■ WORK TO COMPLETE
Set down exactly the lines below between the line holding "sqdist q r <= sqdist" and the line holding "within eps of x0;", inclusive; no other line belongs in the answer.

■ SOURCE RECORDS
(* Let $(\mathcal T(n))_{n\in\mathbb N}$ be the triangle Markov chain obtained by iterated random barycentric subdivision started from an arbitrary triangle, and let $(X_n,Y_n)$ be the characterizing point of $\mathcal T(n)$. Then almost surely the limit set $\bigcap_{p\in\mathbb N}\overline{\{X_n: n\ge p\}}$ of the sequence $(X_n)_{n\in\mathbb N}$ equals $[0,1/2]$.
   Context: A triangle is given by three points of the plane which are not all equal. Barycentric subdivision: if a triangle has vertices $A,B,C$, let $D,E,F$ be the midpoints of $[A,B],[B,C],[C,A]$ and $G$ its barycenter; the medians cut it into the six triangles $\{A,D,G\},\{D,B,G\},\{B,E,G\},\{E,C,G\},\{C,F,G\},\{F,A,G\}$. The triangle Markov chain: $\mathcal T(0)$ is given and $\mathcal T(n+1)$ is chosen uniformly among the six triangles of the barycentric subdivision of $\mathcal T(n)$, independently of the past. Characterizing point: there is a similitude mapping the triangle onto a triangle with vertices $(0,0)$, $(1,0)$, $(x,y)$, $0\le x\le1/2$, $y\ge0$, sending its longest edge onto $[(0,0),(1,0)]$ and its shortest edge onto $[(0,0),(x,y)]$; $(x,y)$ is unique and is the characterizing point. *)

From HB Require Import structures.
From mathcomp Require Import all_boot all_order all_algebra.
From mathcomp Require Import all_classical all_reals all_analysis.
Set Implicit Arguments. Unset Strict Implicit. Unset Printing Implicit Defensive.
Import Order.TTheory GRing.Theory Num.Theory.
Import numFieldNormedType.Exports.
Local Open Scope classical_set_scope.
Local Open Scope ring_scope.

Section Tri.
Variable R : realType.

Definition point := (R * R)%type.

Definition sqdist (u v : point) : R := (u.1 - v.1) ^+ 2 + (u.2 - v.2) ^+ 2.

Definition midpoint (u v : point) : point := ((u.1 + v.1) / 2, (u.2 + v.2) / 2).

Definition barycenter (a b c : point) : point :=
  ((a.1 + b.1 + c.1) / 3, (a.2 + b.2 + c.2) / 3).

Definition triangle := (point * point * point)%type.

Definition tri_ok (t : triangle) : Prop :=
  let: (a, b, c) := t in ~ (a = b /\ b = c).

Definition subtri (t : triangle) (k : nat) : triangle :=
  let: (a, b, c) := t in
  let d := midpoint a b in let e := midpoint b c in let f := midpoint c a in
  let g := barycenter a b c in
  match k with
  | 0 => (a, d, g) | 1 => (d, b, g) | 2 => (b, e, g)
  | 3 => (e, c, g) | 4 => (c, f, g) | _ => (f, a, g)
  end.

Fixpoint tri_chain (t0 : triangle) (xi : nat -> nat) (n : nat) : triangle :=
  match n with
  | 0 => t0
  | m.+1 => subtri (tri_chain t0 xi m) (xi m)
  end.

Definition similitude (f : point -> point) : Prop :=
  exists k : R, 0 < k /\ forall u v, sqdist (f u) (f v) = k ^+ 2 * sqdist u v.

(* (x,y) is the characterizing point of t: a similitude maps the triangle onto
   the triangle (0,0),(1,0),(x,y), 0 <= x <= 1/2, y >= 0, the longest edge [p,q]
   going onto [(0,0),(1,0)] and the shortest edge [p,r] onto [(0,0),(x,y)]. *)
Definition is_char_point (t : triangle) (xy : point) : Prop :=
  let: (a, b, c) := t in
  0 <= xy.1 <= 2^-1 /\ 0 <= xy.2 /\
  exists p q r : point,
    perm_eq [:: p; q; r] [:: a; b; c] /\
    sqdist q r <= sqdist p q /\ sqdist p r <= sqdist p q /\
    sqdist p r <= sqdist q r /\
    exists f, similitude f /\ f p = (0, 0) /\ f q = (1, 0) /\ f r = xy.

Definition char_point (t : triangle) : point := xget (0, 0) (is_char_point t).

End Tri.

From Pilot Require Import Defs.
From HB Require Import structures.
From mathcomp Require Import all_boot all_order all_algebra.
From mathcomp Require Import all_classical all_reals all_analysis.
From mathcomp Require Import ring lra zify.
Import Order.TTheory GRing.Theory Num.Theory.
Import numFieldNormedType.Exports.
Set Implicit Arguments. Unset Strict Implicit. Unset Printing Implicit Defensive.
Local Open Scope classical_set_scope.
Local Open Scope ring_scope.

(* Send a triangle (a, b, c) to (0, 1, z) by a similitude: z is its shape.
   The subtriangles 0 and 1 act on z by the contractions z |-> (2z + 2)/3 and
   z |-> (2z - 1)/3, with fixed points 2 and -1, so a suitable word of length n
   in these two moves brings Re z within (2/3)^n * 4 of any x0 in [-1, 2] while
   (Im z)^2 is multiplied by (4/9)^n.  When z is near a real x0 in (0, 1/2),
   [ab] is the longest side and [ac] the shortest, and the characterizing point
   is near x0.  So from every triangle some word of a fixed length N brings X
   within eps of x0; uniform independent choices follow such a word in each
   block of N steps with probability 6^-N, hence X comes within eps of x0
   infinitely often almost surely.  Rational x0 and eps = 1/(j+1) give the
   limit set [0, 1/2]. *)

Section Digits.
Local Open Scope nat_scope.
Variable b : nat.
Hypothesis b_gt0 : 0 < b.

Definition digit (c i : nat) : nat := (c %/ b ^ i) %% b.

Definition digits (M c : nat) : seq nat := mkseq (digit c) M.

Lemma digit_lt c i : digit c i < b.
Proof. exact: ltn_pmod. Qed.

Lemma digit0 c : digit c 0 = c %% b.
Proof. by rewrite /digit expn0 divn1. Qed.

Lemma digitS c i : digit c i.+1 = digit (c %/ b) i.
Proof. by rewrite /digit expnS divnMA. Qed.

Lemma digit_inj M c c' : c < b ^ M -> c' < b ^ M ->
  (forall i, i < M -> digit c i = digit c' i) -> c = c'.
Proof.
elim: M c c' => [|M IH] c c'; first by rewrite expn0 !ltnS !leqn0 => /eqP -> /eqP ->.
move=> hc hc' E; rewrite (divn_eq c b) (divn_eq c' b) -!digit0 E //.
congr (_ * _ + _); apply: IH; rewrite ?ltn_divLR // -?expnSr //.
by move=> i hi; rewrite -!digitS E.
Qed.

Lemma digit_surj M (a : nat -> nat) : (forall i, i < M -> a i < b) ->
  exists2 c, c < b ^ M & forall i, i < M -> digit c i = a i.
Proof.
elim: M a => [|M IH] a ha; first by exists 0.
have [c hc Hc] := IH (fun i => a i.+1) (fun i hi => ha i.+1 hi).
have a0 := ha 0 isT.
exists (a 0 + b * c); first by rewrite expnS; nia.
case=> [|i] hi; first by rewrite digit0 addnC mulnC modnMDl modn_small.
by rewrite digitS mulnC divnDMl // divn_small // add0n Hc.
Qed.

Lemma digits_surj M s : size s = M -> all (fun x => x < b) s ->
  exists2 c, c < b ^ M & digits M c = s.
Proof.
move=> sz /all_nthP hs; have [i hi|c hc Hc] := @digit_surj M (nth 0 s).
  by apply: hs; rewrite sz.
exists c => //; apply: (eq_from_nth (x0 := 0)); rewrite size_mkseq // => i hi.
by rewrite nth_mkseq // Hc.
Qed.

End Digits.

■ YOUR SOLUTION
    sqdist q r <= sqdist p q /\ sqdist p r <= sqdist p q /\
    sqdist p r <= sqdist q r /\
    exists f, similitude f /\ f p = (0, 0) /\ f q = (1, 0) /\ f r = xy.

Definition char_point (t : triangle) : point := xget (0, 0) (is_char_point t).

End Tri.

From Pilot Require Import Defs.
From HB Require Import structures.
From mathcomp Require Import all_boot all_order all_algebra.
From mathcomp Require Import all_classical all_reals all_analysis.
From mathcomp Require Import ring lra zify.
Import Order.TTheory GRing.Theory Num.Theory.
Import numFieldNormedType.Exports.
Set Implicit Arguments. Unset Strict Implicit. Unset Printing Implicit Defensive.
Local Open Scope classical_set_scope.
Local Open Scope ring_scope.

(* Send a triangle (a, b, c) to (0, 1, z) by a similitude: z is its shape.
   The subtriangles 0 and 1 act on z by the contractions z |-> (2z + 2)/3 and
   z |-> (2z - 1)/3, with fixed points 2 and -1, so a suitable word of length n
   in these two moves brings Re z within (2/3)^n * 4 of any x0 in [-1, 2] while
   (Im z)^2 is multiplied by (4/9)^n.  When z is near a real x0 in (0, 1/2),
   [ab] is the longest side and [ac] the shortest, and the characterizing point
   is near x0.  So from every triangle some word of a fixed length N brings X
   within eps of x0; uniform independent choices follow such a word in each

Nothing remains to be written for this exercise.